With his overalls and deep set eyes, James “Billy” McConnell is proud to call himself an oil man.
It’s in his blood.
The Yazoo City resident knows the oil business inside and out from the overall operation of a drilling system to the lingo the oil men use amongst themselves.
The 80-year-old grins when talking about the suspense of drilling a wildcat well. And he laughs out loud when remembering the rookie oil men, or "worms" as he calls them.
In the 1940s McConnell was a young boy with oil on his brain. And the attraction of black gold has never left him.
“I left the oil business a few times, but I always came back,” McConnell said. “I loved it; still do.”
The oil business brought McConnell’s father, J.C. McConnell, to Yazoo County in 1939.
“Daddy transferred over here in September of 1939,” McConnell said. “He was sent here to oversee drilling for the Jones-O’Brien Company. He oversaw the drilling of the second well in the Tinsley fields.”
Nestled 12 miles from Yazoo City in the middle of the hills lies the small communities of Tinsley, Oil City, Anding and other tiny plots. But when oil was discovered in the area in 1939, the quiet communities transformed into bustling towns with hundreds of people and dollars coming through.
McConnell arrived in the growing area when he was 11 years old.
“Of course, at the time, I thought I was grown,” McConnell said.
McConnell said after the second well was drilled, people began to realize there was a tremendous oil reserve in the area.
“That is when everything started happening,” McConnell said. “There was so much going on there. The first bulldozer I ever saw in my life was out there. There were mules and horses digging pits. It was constantly something going on.”
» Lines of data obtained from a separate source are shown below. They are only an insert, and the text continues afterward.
(* Let $f(x)=x^5+px^4+qx^3+rx^2+sx+t$ with real coefficients and let $D$, $L_1$ be as in the context. Suppose $D=0$ and $L_1\neq 0$. Then $f$ has exactly one double root and three simple roots. Moreover, if $L_1>0$ then the double root and all three simple roots are real (4 distinct real roots), and if $L_1<0$ then $f$ has one real double root, one real simple root and a pair of non-real complex conjugate simple roots.
   Context: Let $\alpha_1,\dots,\alpha_5\in\mathbb{C}$ be the roots of $f$ listed with multiplicity. $D=\prod_{1\le i<j\le 5}(\alpha_i-\alpha_j)^2$ is the discriminant of $f$. $L_1=-264ps^2r-12p^3tq^2+36r^3pq-124srpq^2+28srp^3q+260sptq-132p^2qrt+240pr^2t+234sqr^2+32p^4tr+48ptq^3-56sp^3t-80q^2rt+194qs^2p^2-600str-6q^3sp^2+2p^2q^2r^2-12sr^2p^2-54r^4+320s^3-8q^3r^2-8r^3p^3+250qt^2-176q^2s^2+24q^4s-36p^4s^2-100p^2t^2$. *)

From HB Require Import structures.
From mathcomp Require Import all_boot all_order all_algebra.
Set Implicit Arguments. Unset Strict Implicit. Unset Printing Implicit Defensive.
Import Order.TTheory GRing.Theory Num.Theory.
Local Open Scope ring_scope.

Definition quintic (C : numClosedFieldType) (p q r s t : C) : {poly C} :=
  'X^5 + p%:P * 'X^4 + q%:P * 'X^3 + r%:P * 'X^2 + s%:P * 'X + t%:P.

Definition disc_of_roots (C : numClosedFieldType) (al : seq C) : C :=
  \prod_(i < size al) \prod_(j < size al | (i < j)%N) (al`_i - al`_j) ^+ 2.

Definition L1 (C : numClosedFieldType) (p q r s t : C) : C :=
  - 264 * p * s^+2 * r - 12 * p^+3 * t * q^+2 + 36 * r^+3 * p * q
  - 124 * s * r * p * q^+2 + 28 * s * r * p^+3 * q + 260 * s * p * t * q
  - 132 * p^+2 * q * r * t + 240 * p * r^+2 * t + 234 * s * q * r^+2
  + 32 * p^+4 * t * r + 48 * p * t * q^+3 - 56 * s * p^+3 * t
  - 80 * q^+2 * r * t + 194 * q * s^+2 * p^+2 - 600 * s * t * r
  - 6 * q^+3 * s * p^+2 + 2 * p^+2 * q^+2 * r^+2 - 12 * s * r^+2 * p^+2
  - 54 * r^+4 + 320 * s^+3 - 8 * q^+3 * r^+2 - 8 * r^+3 * p^+3
  + 250 * q * t^+2 - 176 * q^+2 * s^+2 + 24 * q^+4 * s
  - 36 * p^+4 * s^+2 - 100 * p^+2 * t^+2.

From HB Require Import structures.
From mathcomp Require Import all_boot all_order all_algebra.
From mathcomp Require Import ring.
Set Implicit Arguments. Unset Strict Implicit. Unset Printing Implicit Defensive.
Import Order.TTheory GRing.Theory Num.Theory.
Local Open Scope ring_scope.

(* Let al be the five roots of the real quintic f.  Since D = 0, al has a
   repeated entry, so al is a rearrangement of [a; a; b; c; d].  Comparing
   coefficients of f with the expanded product expresses p, ..., t through
   a, b, c, d, and then L1 = 2 V^2 with V = pdiff4 a b c d the product of the
   pairwise differences of a, b, c, d.  Hence L1 <> 0 makes a, b, c, d
   pairwise distinct: exactly one double root.
   As f has real coefficients, complex conjugation permutes al with
   multiplicities.  The unique root of multiplicity two is therefore real, and
   {b, c, d} is conjugation-stable, so either b, c, d are all real or one of
   them is real and the other two are a non-real conjugate pair.  In the first
   case V is real and nonzero, so L1 > 0; in the second V^2 is a positive real
   times (u - conj u)^2 = - |u - conj u|^2 < 0, so L1 < 0.  The sign of L1 thus
   tells which configuration occurs. *)

Lemma not_uniq_perm_double (T : eqType) (s : seq T) :
  ~~ uniq s -> exists (x : T) (s' : seq T), perm_eq s [:: x, x & s'].
Proof.
elim: s => [|y s IHs] //=; rewrite negb_and negbK.
have [ys _ | _ /= /IHs [x [s' perm_s]]] := boolP (y \in s).
  by exists y, (rem y s); rewrite perm_cons perm_to_rem.
exists x, (y :: s').
by rewrite perm_sym (perm_catCA [:: x; x] [:: y]) perm_sym perm_cons.
Qed.

Lemma disc_of_roots_eq0 (C : numClosedFieldType) (al : seq C) :
  disc_of_roots al = 0 -> ~~ uniq al.
Proof.
move/eqP; rewrite /disc_of_roots => /prodf_eq0 [i _ /prodf_eq0 [j lt_ij]].
rewrite expf_eq0 subr_eq0 => /andP [_ /eqP eq_ij].
by apply/(uniqPn 0); exists i, j; rewrite lt_ij ltn_ord.
Qed.

Lemma quintic_roots_double (C : numClosedFieldType) (al : seq C) :
  size al = 5%N -> disc_of_roots al = 0 ->
  exists a b c d : C, perm_eq al [:: a; a; b; c; d].
Proof.
move=> size_al /disc_of_roots_eq0 /not_uniq_perm_double [a [s perm_al]].
have := perm_size perm_al; rewrite size_al.
by case: s perm_al => [|b [|c [|d [|? ?]]]] // perm_al _; exists a, b, c, d.
Qed.

Lemma conj_stable_roots (C : numClosedFieldType) (f : {poly C}) (al : seq C) :
  map_poly Num.conj f = f -> f = \prod_(z <- al) ('X - z%:P) ->
  perm_eq (map Num.conj al) al.
Proof.
move=> f_real f_roots; apply: prod_XsubC_eq.
by rewrite prod_map_poly -f_roots f_real.
Qed.

Lemma quintic_conj (C : numClosedFieldType) (p q r s t : C) :
  p \is Num.real -> q \is Num.real -> r \is Num.real -> s \is Num.real ->
  t \is Num.real -> map_poly Num.conj (quintic p q r s t) = quintic p q r s t.
Proof.
move=> /conj_Creal hp /conj_Creal hq /conj_Creal hr /conj_Creal hs /conj_Creal ht.
rewrite /quintic !rmorphD /= !map_polyXn !(rmorphM _ _%:P) /=.
by rewrite !map_polyXn !map_polyC map_polyX /= hp hq hr hs ht.
Qed.

(* In a conjugation-stable multiset where a is the only repeated element, a is
   real (its conjugate has the same multiplicity) and the rest is stable. *)
Lemma conj_stable_double_real (C : numClosedFieldType) (a : C) (s : seq C) :
  uniq (a :: s) -> perm_eq (map Num.conj [:: a, a & s]) [:: a, a & s] ->
  a \is Num.real /\ perm_eq (map Num.conj s) s.
Proof.
move=> uniq_as conj_stable.
have count_conj : count_mem a^* [:: a, a & s] = 2.
  rewrite -(permP conj_stable) count_map.
  rewrite (@eq_count _ _ (pred1 a)) => [|z]; last exact: (inj_eq (can_inj conjCK)).
  by move: uniq_as; rewrite /= eqxx => /andP [/count_memPn -> _].
have a_real : a^* = a.
  have [//|conj_a] := eqVneq a^* a; move: count_conj.
  rewrite /= (eq_sym a) (negbTE conj_a) count_uniq_mem; last by case/andP: uniq_as.
  by case: (_ \in s).
split; first exact/CrealP.
by move: conj_stable; rewrite /= a_real !perm_cons.
Qed.

Lemma conj_stable_triple (C : numClosedFieldType) (s : seq C) :
  size s = 3%N -> uniq s -> perm_eq (map Num.conj s) s ->
  all (fun z => z \is Num.real) s \/
  exists w u : C, [/\ perm_eq s [:: w; u; u^*], w \is Num.real & u \isn't Num.real].
Proof.
move=> size_s uniq_s conj_stable.
have conj_mem z : z \in s -> z^* \in s.
  by move=> zs; rewrite -(perm_mem conj_stable) map_f.
have [|/allPn [u us u_nreal]] := boolP (all _ s); [by left | right].
have ucs : u^* \in rem u s.
  by rewrite (mem_rem_uniq _ uniq_s) inE -CrealE u_nreal conj_mem.
have perm_s : perm_eq s [:: u, u^* & rem u^* (rem u s)].
  by apply: perm_trans (perm_to_rem us) _; rewrite perm_cons perm_to_rem.
move: (perm_s) (perm_size perm_s); rewrite size_s.
case: (rem _ _) => [|w [|? ?]] // {}perm_s _.
have uniq3 : uniq [:: u; u^*; w] by rewrite -(perm_uniq perm_s).
exists w, u; split => //; first by rewrite perm_sym (perm_catC [:: w]) perm_sym.
have : w^* \in [:: u; u^*; w].
  by rewrite -(perm_mem perm_s) conj_mem // (perm_mem perm_s) !inE eqxx !orbT.
rewrite CrealE !inE => /or3P [/eqP wu | /eqP /(can_inj conjCK) wu | -> //].
  by move: uniq3; rewrite -wu conjCK /= !inE eqxx /= andbF.
by move: uniq3; rewrite wu /= !inE eqxx !orbT.
Qed.

Definition pdiff4 (R : comPzRingType) (a b c d : R) : R :=
  (a - b) * (a - c) * (a - d) * (b - c) * (b - d) * (c - d).

Lemma pdiff4_eq0 (R : idomainType) (a b c d : R) :
  (pdiff4 a b c d == 0) = ~~ uniq [:: a; b; c; d].
Proof.
rewrite /pdiff4 !mulf_eq0 !subr_eq0 /= !inE !negb_or andbT !negb_and !negbK.
by rewrite -!orbA.
Qed.

Lemma quintic_inj (C : numClosedFieldType) (p q r s t p' q' r' s' t' : C) :
  quintic p q r s t = quintic p' q' r' s' t' ->
  [/\ p = p', q = q', r = r', s = s' & t = t'].
Proof.
move=> eq_f; have coef i : (quintic p q r s t)`_i = (quintic p' q' r' s' t')`_i.
  by rewrite eq_f.
move: (coef 4%N) (coef 3%N) (coef 2%N) (coef 1%N) (coef 0%N).
by rewrite /quintic !coefE /= !(mulr0, mulr1, addr0, add0r).
Qed.

Lemma quintic_double_root (C : numClosedFieldType) (a b c d : C) :
  \prod_(z <- [:: a; a; b; c; d]) ('X - z%:P) =
  quintic (- (2 * a + b + c + d))
    (a ^+ 2 + 2 * a * (b + c + d) + (b * c + b * d + c * d))
    (- (a ^+ 2 * (b + c + d) + 2 * a * (b * c + b * d + c * d) + b * c * d))
    (a ^+ 2 * (b * c + b * d + c * d) + 2 * a * b * c * d)
    (- (a ^+ 2 * b * c * d)).
Proof.
rewrite !big_cons big_nil /quintic.
by rewrite !(polyCN, polyCD, polyCM, rmorphXn, rmorph_nat); ring.
Qed.

Lemma L1_double_root (C : numClosedFieldType) (p q r s t : C) (al : seq C)
    (a b c d : C) :
  quintic p q r s t = \prod_(z <- al) ('X - z%:P) ->
  perm_eq al [:: a; a; b; c; d] ->
  L1 p q r s t = 2 * pdiff4 a b c d ^+ 2.
Proof.
move=> f_roots perm_al; rewrite (perm_big _ perm_al) quintic_double_root in f_roots.
by case: (quintic_inj f_roots) => -> -> -> -> ->; rewrite /L1 /pdiff4; ring.
Qed.

Lemma pdiff4_real_sqr_gt0 (C : numClosedFieldType) (a b c d : C) :
  all (fun z => z \is Num.real) [:: a; b; c; d] -> uniq [:: a; b; c; d] ->
  0 < pdiff4 a b c d ^+ 2.
Proof.
case/and4P => ra rb rc /andP [rd _] uniq_abcd.
rewrite real_exprn_even_gt0 ?rpredM ?rpredB //.
by rewrite pdiff4_eq0 uniq_abcd.
Qed.

(* Two distinct reals and a non-real conjugate pair give pdiff4^2 < 0, since
   the factor (u - conj u)^2 = - |u - conj u|^2 is negative and the rest is real. *)
Lemma pdiff4_conj_sqr_lt0 (C : numClosedFieldType) (a w u : C) :
  a \is Num.real -> w \is Num.real -> uniq [:: a; w; u; u^*] ->
  pdiff4 a w u u^* ^+ 2 < 0.
Proof.
move=> ra rw uniq_awu.
have pd_neq0 : pdiff4 a w u u^* != 0 by rewrite pdiff4_eq0 uniq_awu.
set V := (a - w) * (a - u) * (a - u^*) * (w - u) * (w - u^*).
have V_real : V \is Num.real.
  apply/CrealP; rewrite /V !(rmorphM, rmorphB) /= (conj_Creal ra) (conj_Creal rw).
  by rewrite conjCK; ring.
have gap_sqr : (u - u^*) ^+ 2 = - `|u - u^*| ^+ 2.
  by rewrite normCK rmorphB /= conjCK; ring.
move: pd_neq0; rewrite /pdiff4 -/V mulf_eq0 negb_or => /andP [V_neq0 gap_neq0].
rewrite exprMn gap_sqr mulrN oppr_lt0 mulr_gt0 //.
  by rewrite real_exprn_even_gt0 ?V_neq0.
by rewrite exprn_gt0 ?normr_gt0.
Qed.

Unset Implicit Arguments.

Theorem mainTheorem2 (C : numClosedFieldType) (p q r s t : C)
  (hp : p \is Num.real) (hq : q \is Num.real) (hr : r \is Num.real)
  (hs : s \is Num.real) (ht : t \is Num.real)
  (al : seq C) (hsize : size al = 5%N)
  (hroots : quintic p q r s t = \prod_(a <- al) ('X - a%:P))
  (hD : disc_of_roots al = 0) (hL : L1 p q r s t != 0) :
  (exists a b c d : C,
      perm_eq al [:: a; a; b; c; d] /\ uniq [:: a; b; c; d])
  /\ (0 < L1 p q r s t ->
      exists a b c d : C,
        [/\ perm_eq al [:: a; a; b; c; d], uniq [:: a; b; c; d]
          & all (fun z => z \is Num.real) [:: a; b; c; d]])
  /\ (L1 p q r s t < 0 ->
      exists a b c d : C,
        [/\ perm_eq al [:: a; a; b; c; d], uniq [:: a; b; c; d],
            a \is Num.real, b \is Num.real
          & c \isn't Num.real /\ d = Num.conj c]).
Proof.
have [a [b [c [d perm_al]]]] := quintic_roots_double hsize hD.
have L1_abcd := L1_double_root hroots perm_al.
have uniq_abcd : uniq [:: a; b; c; d].
  rewrite -[uniq _]negbK -pdiff4_eq0; apply: contra hL => /eqP pd0.
  by rewrite L1_abcd pd0 expr0n mulr0.
have conj_al := conj_stable_roots (quintic_conj hp hq hr hs ht) hroots.
have [a_real conj_bcd] : a \is Num.real /\ perm_eq (map Num.conj [:: b; c; d]) [:: b; c; d].
  apply: conj_stable_double_real => //.
  by rewrite -(permPr perm_al) -(permPl (perm_map _ perm_al)).
split; first by exists a, b, c, d.
have /andP [_ uniq_bcd] := uniq_abcd.
have [bcd_real | [w [u [perm_bcd w_real u_nreal]]]] :=
  @conj_stable_triple _ [:: b; c; d] erefl uniq_bcd conj_bcd.
  have L1_pos : 0 < L1 p q r s t.
    by rewrite L1_abcd mulr_gt0 // pdiff4_real_sqr_gt0 //= a_real.
  split=> [_ | L1_neg]; first by exists a, b, c, d; split; rewrite //= a_real.
  by have := lt_trans L1_pos L1_neg; rewrite ltxx.
have perm_al' : perm_eq al [:: a; a; w; u; u^*] by rewrite (permPl perm_al) !perm_cons.
have uniq_awu : uniq [:: a; w; u; u^*].
  by rewrite -(perm_uniq (_ : perm_eq [:: a; b; c; d] _)) // perm_cons.
have L1_neg : L1 p q r s t < 0.
  by rewrite (L1_double_root hroots perm_al') pmulr_rlt0 // pdiff4_conj_sqr_lt0.
split=> [L1_pos | _]; last by exists a, w, u, u^*.
by have := lt_trans L1_neg L1_pos; rewrite ltxx.
Qed.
McConnell said one had to be careful even walking the roads in the community. There was constant activity on them with other walkers, cars, loud trucks and horses.
“The roads were dirt, and some were gravel,” McConnell said. “But people were always on them.”
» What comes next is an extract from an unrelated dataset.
(* Consider the set of all bubbles, with output and input colours as defined in the context. Equip it with the partial composition $\mathfrak B_1\circ_i\mathfrak B_2$ given by the composition of the operad $\mathrm{CNCB}$ and defined exactly when $\mathrm{Out}(\mathfrak B_2)=\mathrm{In}_i(\mathfrak B_1)$, and add two units $\mathbf 1_1,\mathbf 1_2$ (where $\mathbf 1_c$ has arity $1$ and output and input colour $c$). This forms a $2$-coloured operad $\mathrm{Bulle}$. In particular, whenever $\mathrm{Out}(\mathfrak B_2)=\mathrm{In}_i(\mathfrak B_1)$, the $\mathrm{CNCB}$-composite $\mathfrak B_1\circ_i\mathfrak B_2$ is again a bubble.
   Context: For $n\ge2$, a bicoloured noncrossing configuration (BNC) of size $n$ is a regular polygon with $n+1$ vertices numbered $1,\dots,n+1$ clockwise, together with two disjoint sets of arcs, blue arcs and red arcs. An arc is a pair $(i,j)$ with $1\le i<j\le n+1$. The arcs $(i,i+1)$, $1\le i\le n$, are the edges ($(i,i+1)$ is the $i$th edge), $(1,n+1)$ is the base, and all other arcs are diagonals. Coloured (blue or red) arcs must be pairwise noncrossing, where $(i,j)$ and $(k,l)$ cross iff $i<k<j<l$ or $k<i<l<j$, and red arcs must be diagonals. Other arcs are uncoloured. There is one BNC of size $1$, a single blue arc. The operad $\mathrm{CNCB}$ has the BNCs as elements (arity = size). Its composition $\mathfrak C\circ_i\mathfrak D$ ($\mathfrak C$ of size $n$, $\mathfrak D$ of size $m$) glues the base of $\mathfrak D$ onto the $i$th edge of $\mathfrak C$. Arcs $(a,b)$ of $\mathfrak C$ become $(\sigma(a),\sigma(b))$ with $\sigma(v)=v$ for $v\le i$ and $\sigma(v)=v+m-1$ for $v>i$, and arcs $(a,b)$ of $\mathfrak D$ become $(a+i-1,b+i-1)$; all keep their colours. The exception is the glued arc $(i,i+m)$, which is red if the $i$th edge of $\mathfrak C$ and the base of $\mathfrak D$ are both uncoloured, blue if both are blue, and uncoloured otherwise. A bubble is a BNC of size at least $2$ with no coloured diagonal. A BNC is based if its base is blue. For a bubble $\mathfrak B$ of size $n$, its output colour is $\mathrm{Out}(\mathfrak B)=1$ if $\mathfrak B$ is based and $2$ otherwise. Its $i$th input colour $\mathrm{In}_i(\mathfrak B)$, for $i\in[n]$, is $1$ if the $i$th edge of $\mathfrak B$ is uncoloured and $2$ if it is blue. *)

From mathcomp Require Import all_boot.
Set Implicit Arguments. Unset Strict Implicit. Unset Printing Implicit Defensive.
Although the area had money in her hills, it was still hard times for the locals and the many out of town visitors who were looking for work and a better life.
“It was still the Great Depression,” McConnell said. “People were scrapping to live. The oil brought instant riches for the people who owned the land.”
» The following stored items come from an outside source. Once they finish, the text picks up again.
Lemma tail_dominates_near f B :
  0 < B -> (forall x, 0 <= x <= 1 -> Rabs (f x) <= B) -> lipschitz01 f ->
  0 < RInt f (1/2) 1 - RInt f 0 (1/2) ->
  exists M eps, 0 < M /\ 0 < eps /\
    forall g, (forall x, 0 <= x <= 1 -> Rabs (g x) <= B) ->
      unif_ball f ((RInt f (1/2) 1 - RInt f 0 (1/2)) / 4) g -> tail_dominates M eps g.
Proof.
  intros HB Hf Hlip Hd.
  set (d := RInt f (1/2) 1 - RInt f 0 (1/2)) in *.
  destruct (lipschitz01_extension f B Hlip Hf) as [h [L [hL [hB hf]]]].
  assert (hd : RInt h (1/2) 1 - RInt h 0 (1/2) = d)
    by (unfold d; rewrite !(RInt_ext01 f h) by (auto; lra); reflexivity).
  pose proof (lipschitz_const_nonneg h L hL).
  destruct (weights_flat (d / (8 * B))) as [M0 HM0]; [apply Rdiv_lt_0_compat; lra|].
  set (eps := Rmin (1/4) (d / (8 * B))).
  assert (Heps : 0 < eps)
    by (unfold eps, Rmin; destruct Rle_dec; [lra | apply Rdiv_lt_0_compat; lra]).
  assert (Heps4 : eps <= 1/4) by apply Rmin_l.
  assert (HepsB : 2 * B * eps <= d / 4).
  { apply Rle_trans with (2 * B * (d / (8 * B))); [|right; field; lra].
    apply Rmult_le_compat_l; [lra | apply Rmin_r]. }
  set (M := Rmax M0 (Rmax (8 * L / d) 1)).
  pose proof (Rmax_l M0 (Rmax (8 * L / d) 1)). pose proof (Rmax_r M0 (Rmax (8 * L / d) 1)).
  pose proof (Rmax_l (8 * L / d) 1). pose proof (Rmax_r (8 * L / d) 1).
  exists M, eps. split; [unfold M; lra | split; [exact Heps|]].
  intros g Hg [r [Hr Hfg]] m k Hm Hk.
  assert (Hm0 : 0 < INR m) by (unfold M in Hm; lra).
  assert (HLm : L < INR m * d / 8).
  { replace L with (8 * L / d * (d / 8)) by (field; lra).
    replace (INR m * d / 8) with (INR m * (d / 8)) by field.
    apply Rmult_lt_compat_r; [|unfold M in Hm]; lra. }
  assert (Hkm : (k <= m)%nat) by (apply INR_le; nra).
  assert (Hcentre : 2 * B * Rabs (INR k - INR m / 2) <= INR m * d / 4).
  { assert (Rabs (INR k - INR m / 2) <= eps * INR m) by (apply Rabs_le; nra).
    apply Rle_trans with (2 * B * (eps * INR m)); [apply Rmult_le_compat_l; lra | nra]. }
  assert (Hgh : forall x, 0 <= x <= 1 -> Rabs (g x - h x) <= r).
  { intros x Hx. rewrite hf, Rabs_minus_sym by exact Hx. apply Hfg, Hx. }
  pose proof (wsum_tail_minus_head_ge g h L B r m k hL hB Hg Hgh Hm0 Hkm) as Hlower.
  specialize (HM0 m ltac:(unfold M in Hm; lra)).
  rewrite hd in Hlower.
  pose proof (weight_pos m).
  assert (INR m * r <= INR m * (d / 4)) by (apply Rmult_le_compat_l; lra).
  assert (Hbracket : INR m * d / 4
                     < INR m * (d - r) - 2 * B * Rabs (INR k - INR m / 2) - L) by lra.
  assert (B * lsum (seq 1 m) (fun j => weight j - weight m) <= INR m * d / 8 * weight m).
  { apply Rle_trans with (B * (d / (8 * B) * INR m * weight m)); [|right; field; lra].
    apply Rmult_le_compat_l; lra. }
  assert (0 < INR m * d * weight m) by (apply Rmult_lt_0_compat; [apply Rmult_lt_0_compat|]; lra).
  apply (Rmult_lt_compat_l (weight m)) in Hbracket; [|lra].
  lra.
Qed.

Lemma unif_ball_open f r : unif_open (unif_ball f r).
Proof.
  intros g [s [Hs Hfg]]. exists (r - s). split; [lra|].
  intros h [t [Ht Hgh]]. exists (s + t). split; [lra|].
  intros x Hx. replace (f x - h x) with ((f x - g x) + (g x - h x)) by ring.
  eapply Rle_trans; [apply Rabs_triang|].
  pose proof (Hfg x Hx). pose proof (Hgh x Hx). lra.
Qed.

Section CompactUniform.

Variable F : (R -> R) -> Prop.
Variable P : R -> R -> (R -> R) -> Prop.
Hypothesis P_mono :
  forall M eps M' eps' g, P M eps g -> M <= M' -> 0 < eps' <= eps -> P M' eps' g.

Lemma uniform_bounds_on_list {I : Type} (U : I -> (R -> R) -> Prop) (l : list I) :
  (forall i, exists M eps, 0 < M /\ 0 < eps /\ forall g, F g -> U i g -> P M eps g) ->
  exists M eps, 0 < M /\ 0 < eps /\ forall i, In i l -> forall g, F g -> U i g -> P M eps g.
Proof.
  intros Hi. induction l as [|i l IH].
  - exists 1, 1. split; [lra | split; [lra | intros i []]].
  - destruct IH as [M1 [eps1 [HM1 [Heps1 H1]]]].
    destruct (Hi i) as [M2 [eps2 [HM2 [Heps2 H2]]]].
    assert (0 < Rmin eps1 eps2) by (unfold Rmin; destruct Rle_dec; lra).
    exists (Rmax M1 M2), (Rmin eps1 eps2).
    split; [eapply Rlt_le_trans; [exact HM1 | apply Rmax_l] | split; [assumption|]].
    intros j [<- | Hj] g Fg HU.
    + eapply P_mono; [exact (H2 g Fg HU) | apply Rmax_r | split; [lra | apply Rmin_r]].
    + eapply P_mono; [exact (H1 j Hj g Fg HU) | apply Rmax_l | split; [lra | apply Rmin_l]].
Qed.

Lemma compact_uniform_bounds : unif_compact F ->
  (forall f, F f -> exists r M eps, 0 < r /\ 0 < M /\ 0 < eps /\
     forall g, F g -> unif_ball f r g -> P M eps g) ->
  exists M eps, 0 < M /\ 0 < eps /\ forall g, F g -> P M eps g.
Proof.
  intros Hcomp Hloc.
  set (local f r := exists M eps, 0 < M /\ 0 < eps /\
         forall g, F g -> unif_ball f r g -> P M eps g).
  set (U := fun (i : (R -> R) * R) g => local (fst i) (snd i) /\ unif_ball (fst i) (snd i) g).
  destruct (Hcomp _ U) as [l Hl].
  - intros [f r] g [Hfr Hb]. destruct (unif_ball_open f r g Hb) as [s [Hs Hsub]].
    exists s. split; [exact Hs|]. intros h Hh. split; [exact Hfr | exact (Hsub h Hh)].
  - intros f Ff. destruct (Hloc f Ff) as [r [M [eps [Hr Hmeps]]]].
    exists (f, r). split; [exists M, eps; exact Hmeps|].
    exists 0. split; [exact Hr|]. intros x _. rewrite Rminus_diag, Rabs_R0. lra.
  - destruct (uniform_bounds_on_list U l) as [M [eps [HM [Heps H]]]].
    + intros [f r]. destruct (classic (local f r)) as [[M [eps [HM [Heps H]]]] | Hnot].
      * exists M, eps. split; [exact HM | split; [exact Heps|]].
        intros g Fg [_ Hb]. exact (H g Fg Hb).
      * exists 1, 1. split; [lra | split; [lra|]]. intros g _ [Hfr _]. contradiction.
    + exists M, eps. split; [exact HM | split; [exact Heps|]].
      intros g Fg. destruct (Hl g Fg) as [i [Hi HU]]. exact (H i Hi g Fg HU).
Qed.

End CompactUniform.

Theorem claim13 (F : (R -> R) -> Prop) :
  unif_compact F ->
  (exists B : R, forall f, F f -> forall x, 0 <= x <= 1 -> Rabs (f x) <= B) ->
  (forall f, F f -> lipschitz01 f) ->
  (forall f, F f -> RInt f 0 (1/2) < RInt f (1/2) 1) ->
  exists M eps : R, 0 < M /\ 0 < eps /\
    forall (m mstar : nat), M < INR m ->
      (1/2 - eps) * INR m < INR mstar < (1/2 + eps) * INR m ->
      forall f, F f -> wsum f m 1 mstar < wsum f m (S mstar) m.
Proof.
  intros Hcomp [B0 HB0] Hlip Hgap.
  set (B := Rabs B0 + 1).
  assert (HBpos : 0 < B) by (pose proof (Rabs_pos B0); unfold B; lra).
  assert (HB : forall f, F f -> forall x, 0 <= x <= 1 -> Rabs (f x) <= B).
  { intros f Ff x Hx. pose proof (HB0 f Ff x Hx). pose proof (Rle_abs B0). unfold B; lra. }
  destruct (compact_uniform_bounds F tail_dominates tail_dominates_mono Hcomp)
    as [M [eps [HM [Heps Hunif]]]].
  - intros f Ff. pose proof (Hgap f Ff).
    destruct (tail_dominates_near f B HBpos (HB f Ff) (Hlip f Ff) ltac:(lra))
      as [M [eps [HM [Heps Hnear]]]].
    exists ((RInt f (1/2) 1 - RInt f 0 (1/2)) / 4), M, eps.
    split; [lra | split; [exact HM | split; [exact Heps|]]].
    intros g Fg. apply Hnear, HB, Fg.
  - exists M, eps. split; [exact HM | split; [exact Heps|]].
    intros m k Hm Hk f Ff. exact (Hunif f Ff m k Hm Hk).
Qed.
It seemed as if it was overnight when the oil businessmen arrived in the area with smiles and briefcases, wanting signatures. Their arrival meant money for neighboring Yazoo City too.
“Businessmen would come in and buy leases,” McConnell said. “They would stay in the Lamar Hotel in Yazoo City while they were doing their business. Even Yazoo City started to boom.”
And children were littered throughout the Tinsley area. It wasn’t just a few here or there. It was hundreds.
“There were so many kids out there, they had four buses running kids to school,” McConnell said.
Young kids also meant good workers for the oil companies. McConnell got a job when he was 15 years old. He was paid $1 an hour.
“They would hire us kids,” McConnell said. “We were kids, but we sure could work. The old timers were getting old, and the younger men were off at war. We were all that was left.”
McConnell said the oil boom in Yazoo County wasn’t like anything else in the country.
“When oil was discovered in Tinsley, there was nothing going on in the U.S. as far as a boom goes,” McConnell said. “By the time we got there, three or four wells had been drilled. It was boom time.”
McConnell said he and the rest of his family joined his father when their house was built in 1940.
“Everyone thought we were rich because of the house,” McConnell said. “We lived in a house, but a lot of people were staying in tents and shacks. Some of the tents looked just as good as some of the houses.”
It was hard for hundreds of people to find a place to live in an area where they had no connections. Locals began opening up boarding houses, stores and eateries.
And then there was the night life.
“Tinsley had three honky tonks,” McConnell said. “Oh, it was a wild spot. There were bootleggers running around. It was wild. It was nothing but oil men and diggers.”
McConnell said there was a reason Tinsley remained alive after the sun went down.
“Well, what do you think,” McConnell asked, with a laugh. “There was nothing but oil men out there with money to spend.”
But McConnell also remembers the fear that many locals had with the flood of newcomers.
“Some people were scared to cash their checks,” McConnell said. “You didn’t know who these people were. The oil people came out of nowhere.”
McConnell visits the area every now and then. Many of the buildings and other landmarks are gone. But a few pumpjacks can still be seen in the distance. And technology is allowing the business to continue with Denbury Resources using carbon dioxide to help oil rise.
“There are things over there now that you never dreamed of doing in the past,” McConnell said. “But it is nothing like it was during that boom time.”